Julia Allard naît en 1844 à Paris dans une famille aisée, d’un père ébéniste dans le Marais et d’une mère aristocrate, poétesse, amie entre autres de Marceline Desbordes-Valmore. Elle est élevée dans une ambiance artistique et intellectuelle et écrit elle-même, très tôt, des poèmes qu’elle publie sous le nom de sa grand-mère. Elle rencontre Alphonse Daudet au théâtre alors que ce dernier occupe la loge voisine de la sienne. Ces rencontres sont organisées par les amis et la famille. Elles aboutissent à des fiançailles en 1866 suivies d’un mariage auquel assistent de nombreuses personnes des milieux intellectuels de l’époque (ex. Frédéric Mistral).Le voyage de noces se fait en Provence (Alphonse Daudet est né à Nîmes) mais Julia s’ennuie car elle n’adhère pas à la mentalité et au comportement des méditerranéens. Le couple revient donc à Paris, à l’hôtel de Lamoignon où Julia met leur premier enfant au monde : Léon.

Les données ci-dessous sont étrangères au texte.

(* Let $f:\mathbb{R}^{n_x}\to\mathbb{R}^{n_y}$ be a deterministic predictor and let $\bar D:\mathbb{R}^{n_x}\to\mathbb{R}^{n_y\times n_u}$ be given (in the paper, $\bar D(x)=\nabla_u \tilde f(x,u)|_{u=0}$ for an augmented function $\tilde f(x,u)$ with $\tilde f(x,\mathbf 0)=f(x)$). Fix a generator template $G_u\in\mathbb{R}^{n_u\times\nu}$, an integer $n_r\ge 1$, orthogonal matrices $R_1,\dots,R_{n_r}\in\mathbb{R}^{n_y\times n_y}$ and $R_0=\mathbf I$. For $\alpha\in\mathbb{R}^{\nu}_{\ge 0}$ define the uncertainty set $\mathcal U_\alpha=\langle \mathbf 0, G_u\,\mathrm{diag}(\alpha)\rangle$ and the zono-conformal predictor $\mathcal Y_\alpha(x)=\{f(x)+\bar D(x)u\mid u\in\mathcal U_\alpha\}$. Given finitely many data points $(x^{(m)},y^{(m)})\in\mathbb{R}^{n_x}\times\mathbb{R}^{n_y}$, $m\in\mathcal M_{\mathrm{cal}}$, consider the linear program in the variables $\alpha\in\mathbb{R}^\nu$ and $\beta_m\in\mathbb{R}^\nu$ ($m\in\mathcal M_{\mathrm{cal}}$): $$\min_{\alpha,\beta}\ \sum_{m\in\mathcal M_{\mathrm{cal}}}\sum_{i=0}^{n_r}\mathbf 1^\top\bigl|R_i\bar D(x^{(m)})G_u\bigr|\,\alpha$$ subject to, for all $m\in\mathcal M_{\mathrm{cal}}$: $\mathbf 0\le\alpha$, $\mathbf 0\le \alpha+\beta_m$, $\mathbf 0\le\alpha-\beta_m$, and $y^{(m)}-f(x^{(m)})=\bar D(x^{(m)})G_u\beta_m$. Then, if $(\alpha^*,\beta^* )$ is an optimal solution of this linear program, $\alpha^*$ is an optimal solution of the problem $$\min_{\alpha\in\mathbb{R}^\nu_{\ge0}}\ \sum_{m\in\mathcal M_{\mathrm{cal}}}\sum_{i=0}^{n_r}\bigl\|R_i\,\mathcal Y_\alpha(x^{(m)})\bigr\|_I\quad\text{s.t.}\quad y^{(m)}\in\mathcal Y_\alpha(x^{(m)})\ \ \forall m\in\mathcal M_{\mathrm{cal}}.$$
   Context: A zonotope with center $c\in\mathbb{R}^n$ and generator matrix $G\in\mathbb{R}^{n\times\nu}$ is $\langle c,G\rangle=\{c+\sum_{i=1}^{\nu}\lambda_iG_{(\cdot,i)}\mid \lambda_i\in[-1,1]\}$. The interval norm of $\langle c,G\rangle$ is $\|\langle c,G\rangle\|_I=\mathbf 1^\top|G|\mathbf 1$, where $|G|$ is the elementwise absolute value. For a matrix $R$, $R\langle c,G\rangle$ is represented as $\langle Rc,RG\rangle$; in particular $\mathcal Y_\alpha(x)=\langle f(x),\bar D(x)G_u\mathrm{diag}(\alpha)\rangle$ and $\|R_i\mathcal Y_\alpha(x)\|_I=\mathbf 1^\top|R_i\bar D(x)G_u\mathrm{diag}(\alpha)|\mathbf 1$. $\mathrm{diag}(\alpha)$ is the diagonal matrix with diagonal $\alpha$; inequalities between vectors are elementwise. *)

From HB Require Import structures.
From mathcomp Require Import all_boot all_order all_algebra.
Set Implicit Arguments. Unset Strict Implicit. Unset Printing Implicit Defensive.
Import Order.TTheory GRing.Theory Num.Theory.
Local Open Scope ring_scope.

Definition cV_le (R : realFieldType) (n : nat) (a b : 'cV[R]_n) : Prop :=
  forall i, a i 0 <= b i 0.

Definition in_zonotope (R : realFieldType) (n v : nat)
    (c : 'cV[R]_n) (G : 'M[R]_(n, v)) (y : 'cV[R]_n) : Prop :=
  exists lam : 'cV[R]_v, (forall i, -1 <= lam i 0 <= 1) /\ y = c + G *m lam.

Definition diagc (R : realFieldType) (v : nat) (alpha : 'cV[R]_v) : 'M[R]_v :=
  diag_mx alpha^T.

Definition in_U (R : realFieldType) (nu v : nat) (Gu : 'M[R]_(nu, v))
    (alpha : 'cV[R]_v) (u : 'cV[R]_nu) : Prop :=
  in_zonotope 0 (Gu *m diagc alpha) u.

Definition in_Y (R : realFieldType) (nx ny nu v : nat)
    (f : 'cV[R]_nx -> 'cV[R]_ny) (Dbar : 'cV[R]_nx -> 'M[R]_(ny, nu))
    (Gu : 'M[R]_(nu, v)) (alpha : 'cV[R]_v) (x : 'cV[R]_nx) (y : 'cV[R]_ny) : Prop :=
  exists u, in_U Gu alpha u /\ y = f x + Dbar x *m u.

(* Interval norm of a zonotope <c, G>: 1^T |G| 1. *)
Definition interval_norm (R : realFieldType) (n v : nat) (G : 'M[R]_(n, v)) : R :=
  \sum_(i < n) \sum_(j < v) `|G i j|.

(* ||R_i Y_alpha(x)||_I, with R_i Y_alpha(x) represented as <R_i f(x), R_i Dbar(x) G_u diag(alpha)> *)
Definition Y_norm (R : realFieldType) (nx ny nu v : nat)
    (Dbar : 'cV[R]_nx -> 'M[R]_(ny, nu)) (Gu : 'M[R]_(nu, v))
    (Ri : 'M[R]_ny) (alpha : 'cV[R]_v) (x : 'cV[R]_nx) : R :=
  interval_norm (Ri *m (Dbar x *m Gu *m diagc alpha)).

Definition zc_cost (R : realFieldType) (nx ny nu v nr : nat) (M : finType)
    (Dbar : 'cV[R]_nx -> 'M[R]_(ny, nu)) (Gu : 'M[R]_(nu, v))
    (Rs : 'I_nr.+1 -> 'M[R]_ny) (xs : M -> 'cV[R]_nx) (alpha : 'cV[R]_v) : R :=
  \sum_(m : M) \sum_(i < nr.+1) Y_norm Dbar Gu (Rs i) alpha (xs m).

Definition lp_cost (R : realFieldType) (nx ny nu v nr : nat) (M : finType)
    (Dbar : 'cV[R]_nx -> 'M[R]_(ny, nu)) (Gu : 'M[R]_(nu, v))
    (Rs : 'I_nr.+1 -> 'M[R]_ny) (xs : M -> 'cV[R]_nx) (alpha : 'cV[R]_v) : R :=
  \sum_(m : M) \sum_(i < nr.+1)
     \sum_(j < v) (\sum_(k < ny) `|(Rs i *m Dbar (xs m) *m Gu) k j|) * alpha j 0.

Definition lp_feasible (R : realFieldType) (nx ny nu v : nat) (M : finType)
    (f : 'cV[R]_nx -> 'cV[R]_ny) (Dbar : 'cV[R]_nx -> 'M[R]_(ny, nu))
    (Gu : 'M[R]_(nu, v)) (xs : M -> 'cV[R]_nx) (ys : M -> 'cV[R]_ny)
    (alpha : 'cV[R]_v) (beta : M -> 'cV[R]_v) : Prop :=
  cV_le 0 alpha /\
  forall m : M,
    [/\ cV_le 0 (alpha + beta m), cV_le 0 (alpha - beta m)
      & ys m - f (xs m) = Dbar (xs m) *m Gu *m beta m].

From HB Require Import structures.
From mathcomp Require Import all_boot all_order all_algebra.
From mathcomp Require Import lra.
Set Implicit Arguments. Unset Strict Implicit. Unset Printing Implicit Defensive.
Import Order.TTheory GRing.Theory Num.Theory.
Local Open Scope ring_scope.

(* For alpha >= 0, the point y lies in Y_alpha(x) iff y - f(x) = Dbar(x) G_u beta
   for some beta with |beta| <= alpha elementwise (take beta = diag(alpha) lambda),
   and the interval norm of R_i Y_alpha(x) is the linear function
   1^T |R_i Dbar(x) G_u| alpha.  Hence the LP is the original problem with the
   membership witnesses beta_m made explicit: the projection of its feasible set
   onto alpha is the feasible set of the original problem, and on that set both
   objectives coincide. *)

Section Zonotopes.

Variable R : realFieldType.

Definition cV_norm_le (n : nat) (b a : 'cV[R]_n) : Prop :=
  forall i, `|b i 0| <= a i 0.

Lemma cV_norm_leP (n : nat) (alpha beta : 'cV[R]_n) :
  cV_le 0 (alpha + beta) /\ cV_le 0 (alpha - beta) <-> cV_norm_le beta alpha.
Proof.
split=> [[hp hm] i | hb].
  by have := hp i; have := hm i; rewrite !mxE ler_norml => ? ?; apply/andP; lra.
by split=> i; have := hb i; rewrite !mxE ler_norml => /andP[? ?]; lra.
Qed.

Lemma in_zonotope_mulmx (n k v : nat) (c : 'cV[R]_n) (A : 'M[R]_(n, k))
    (G : 'M[R]_(k, v)) (y : 'cV[R]_n) :
  in_zonotope c (A *m G) y <-> exists z, in_zonotope 0 G z /\ y = c + A *m z.
Proof.
split=> [[lam [hlam ->]] | [_ [[lam [hlam ->]] ->]]].
  by exists (G *m lam); split; [exists lam; rewrite add0r | rewrite mulmxA].
by exists lam; rewrite add0r mulmxA.
Qed.

(* With the convention b / 0 = 0, the witness b / a also covers a = 0. *)
Lemma norm_le_scale_unit (a b : R) :
  `|b| <= a -> `|b / a| <= 1 /\ b = a * (b / a).
Proof.
move=> hba; have [a0 | a_neq0] := eqVneq a 0.
  have b0 : b = 0 by apply/normr0_eq0/le_anti; rewrite normr_ge0 andbT -a0.
  by rewrite a0 b0 mul0r normr0 ler01 mul0r.
have a_gt0 : 0 < a by rewrite lt_neqAle eq_sym a_neq0 (le_trans _ hba).
by rewrite normrM normfV (gtr0_norm a_gt0) ler_pdivrMr // mul1r mulrC divfK.
Qed.

Lemma in_zonotope_diagc (v : nat) (alpha b : 'cV[R]_v) :
  cV_le 0 alpha -> in_zonotope 0 (diagc alpha) b <-> cV_norm_le b alpha.
Proof.
move=> ha; split=> [[lam [hlam ->]] i | hb].
  have ai := ha i; rewrite mxE in ai.
  rewrite /diagc mul_diag_mx !mxE add0r normrM (ger0_norm ai) ler_piMr //.
  by rewrite ler_norml hlam.
exists (\col_i (b i 0 / alpha i 0)); split.
  by move=> i; rewrite mxE -ler_norml; case: (norm_le_scale_unit (hb i)).
apply/matrixP=> i j; rewrite (ord1 j) /diagc mul_diag_mx !mxE add0r.
by case: (norm_le_scale_unit (hb i)).
Qed.

Variables (nx ny nu v : nat).
Variables (f : 'cV[R]_nx -> 'cV[R]_ny) (Dbar : 'cV[R]_nx -> 'M[R]_(ny, nu)).
Variable Gu : 'M[R]_(nu, v).

Lemma in_YP (alpha : 'cV[R]_v) (x : 'cV[R]_nx) (y : 'cV[R]_ny) :
  cV_le 0 alpha ->
  in_Y f Dbar Gu alpha x y <->
  exists beta, cV_norm_le beta alpha /\ y - f x = Dbar x *m Gu *m beta.
Proof.
move=> ha; split=> [[u [/in_zonotope_mulmx [b [hb ->]] ->]] | [b [hb he]]].
  exists b; split; first exact/(in_zonotope_diagc _ ha).
  by rewrite add0r addrC addKr mulmxA.
exists (Gu *m b); split; last by rewrite mulmxA -he addrC subrK.
by apply/in_zonotope_mulmx; exists b; split; [exact/in_zonotope_diagc | rewrite add0r].
Qed.

Lemma interval_norm_mul_diagc (n : nat) (A : 'M[R]_(n, v)) (alpha : 'cV[R]_v) :
  cV_le 0 alpha ->
  interval_norm (A *m diagc alpha) = \sum_(j < v) (\sum_(k < n) `|A k j|) * alpha j 0.
Proof.
move=> ha; rewrite /interval_norm /diagc mul_mx_diag exchange_big /=.
apply: eq_bigr => j _; rewrite mulr_suml; apply: eq_bigr => k _.
by rewrite !mxE normrM [`|alpha j 0|]ger0_norm //; have := ha j; rewrite mxE.
Qed.

Variables (nr : nat) (M : finType) (Rs : 'I_nr.+1 -> 'M[R]_ny).
Variables (xs : M -> 'cV[R]_nx) (ys : M -> 'cV[R]_ny).

Lemma zc_cost_lp_cost (alpha : 'cV[R]_v) :
  cV_le 0 alpha -> zc_cost Dbar Gu Rs xs alpha = lp_cost Dbar Gu Rs xs alpha.
Proof.
move=> ha; apply: eq_bigr => m _; apply: eq_bigr => i _.
by rewrite /Y_norm !mulmxA interval_norm_mul_diagc.
Qed.

Lemma lp_feasible_in_Y (alpha : 'cV[R]_v) (beta : M -> 'cV[R]_v) :
  lp_feasible f Dbar Gu xs ys alpha beta ->
  forall m, in_Y f Dbar Gu alpha (xs m) (ys m).
Proof.
move=> [ha hb] m; have [hp hm he] := hb m.
by apply/in_YP => //; exists (beta m); split=> //; apply/cV_norm_leP.
Qed.

Lemma in_Y_lp_feasible (alpha : 'cV[R]_v) :
  cV_le 0 alpha -> (forall m, in_Y f Dbar Gu alpha (xs m) (ys m)) ->
  exists beta, lp_feasible f Dbar Gu xs ys alpha beta.
Proof.
move=> ha hY.
have /fin_all_exists [beta hbeta] : forall m, exists b : 'cV[R]_v,
    cV_norm_le b alpha /\ ys m - f (xs m) = Dbar (xs m) *m Gu *m b.
  by move=> m; apply/in_YP.
exists beta; split=> // m; have [/cV_norm_leP [hp hm] he] := hbeta m.
by split.
Qed.

End Zonotopes.

Theorem theorem6 (R : realFieldType) (nx ny nu v nr : nat) (M : finType)
    (f : 'cV[R]_nx -> 'cV[R]_ny) (Dbar : 'cV[R]_nx -> 'M[R]_(ny, nu))
    (Gu : 'M[R]_(nu, v)) (Rs : 'I_nr.+1 -> 'M[R]_ny)
    (xs : M -> 'cV[R]_nx) (ys : M -> 'cV[R]_ny)
    (hnr : (0 < nr)%N)
    (hR0 : Rs ord0 = 1%:M)
    (hRorth : forall i : 'I_nr.+1, Rs i *m (Rs i)^T = 1%:M /\ (Rs i)^T *m Rs i = 1%:M)
    (astar : 'cV[R]_v) (bstar : M -> 'cV[R]_v)
    (hfeas : lp_feasible f Dbar Gu xs ys astar bstar)
    (hopt : forall (alpha : 'cV[R]_v) (beta : M -> 'cV[R]_v),
        lp_feasible f Dbar Gu xs ys alpha beta ->
        lp_cost Dbar Gu Rs xs astar <= lp_cost Dbar Gu Rs xs alpha) :
  [/\ cV_le 0 astar,
      (forall m : M, in_Y f Dbar Gu astar (xs m) (ys m))
    & forall alpha : 'cV[R]_v, cV_le 0 alpha ->
        (forall m : M, in_Y f Dbar Gu alpha (xs m) (ys m)) ->
        zc_cost Dbar Gu Rs xs astar <= zc_cost Dbar Gu Rs xs alpha].
Proof.
have astar_ge0 : cV_le 0 astar by case: hfeas.
split=> //; first exact: lp_feasible_in_Y hfeas.
move=> alpha alpha_ge0 /(in_Y_lp_feasible alpha_ge0) [beta hbeta].
by rewrite !zc_cost_lp_cost //; apply: hopt hbeta.
Qed.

Alphonse Daudet vit dans un grand confort grâce à la richesse de sa femme. Il laisse de côté son métier de chroniqueur et mémorialiste et se consacre uniquement à sa carrière littéraire. Julia, de son côté, renonce à la sienne et travaille en parfaite collaboration avec son mari, participant à la mise en forme des textes dans lesquels on pourra retrouver son propre style.
Le père de Julia ayant remboursé toutes les dettes d’Alphonse (contractées avant le mariage) ce dernier, libéré des contraintes de la pauvreté, commence de son côté à bien vivre de la publication de ses romans et s’enrichit après une période de vaches maigres.
Julia se lance à nouveau dans une vie mondaine, organise des dîners fréquentés par des gens connus. C’est une véritable ascension sociale : ils vivent désormais place des Vosges où naît un deuxième garçon, Lucien, vont au théâtre presque tous les jours. Julia, adulée et entourée d’hommes dans ses salons littéraires, s’habille chez les grands couturiers.
En 1886 naît une fille, Edmée.
Léon, le fils aîné épouse, en 1891, la petite-fille de Victor Hugo.
Mais tout n’est pas parfait dans cette vie bien réglée en apparence. Julia surprend Alphonse en flagrant délit d’adultère et devient dépressive. Elle surmonte ses problèmes pour soigner son mari de plus en plus malade des suites d’une syphilis contractée dans sa jeunesse. Leur grand ami Edmond de Goncourt vit à Champrosay une longue agonie auprès d’eux et il cèdera sa fortune aux enfants Daudet.
Après le décès de son mari, Julia va voyager beaucoup, puis essayer de retrouver le cadre de sa jeunesse : le château de Pray qu’elle loue, puis achète en 1912. Elle s’y consacrera à la promotion de l’œuvre de son mari, écrira elle-même des poèmes mélancoliques, y vivra en harmonie avec les habitants de Changé où elle fera du bien aux pauvres. En réalité, elle ne se consolera jamais de son veuvage.
Son fils aîné, séparé de Jeanne, se remariera avec Marthe, une cousine doublement germaine (le frère de sa mère ayant épousé la sœur de son père) avec laquelle il aura 3 enfants.
Son fils Julien aura une liaison avec un ami proche : Marcel Proust.
Sa fille se mariera et aura 5 enfants. Elle décédera en 1937, à Changé.
Quant à Julia, elle s’éteindra “comme une chandelle” à 96 ans, le 23 avril 1940 et sera enterrée à côté d’Alphonse, au Père Lachaise.
Ses contemporains, la trouvant trop pieuse et trop bourgeoise, n’ont pas toujours été tendres avec elle, mais n’oublions pas qu’elle a été une des fondatrices, en 1904, du Prix Fémina. Et quelle carrière littéraire aurait-elle menée si elle n’avait pas choisi de vivre dans l’ombre du grand écrivain Daudet ?? M-F. J.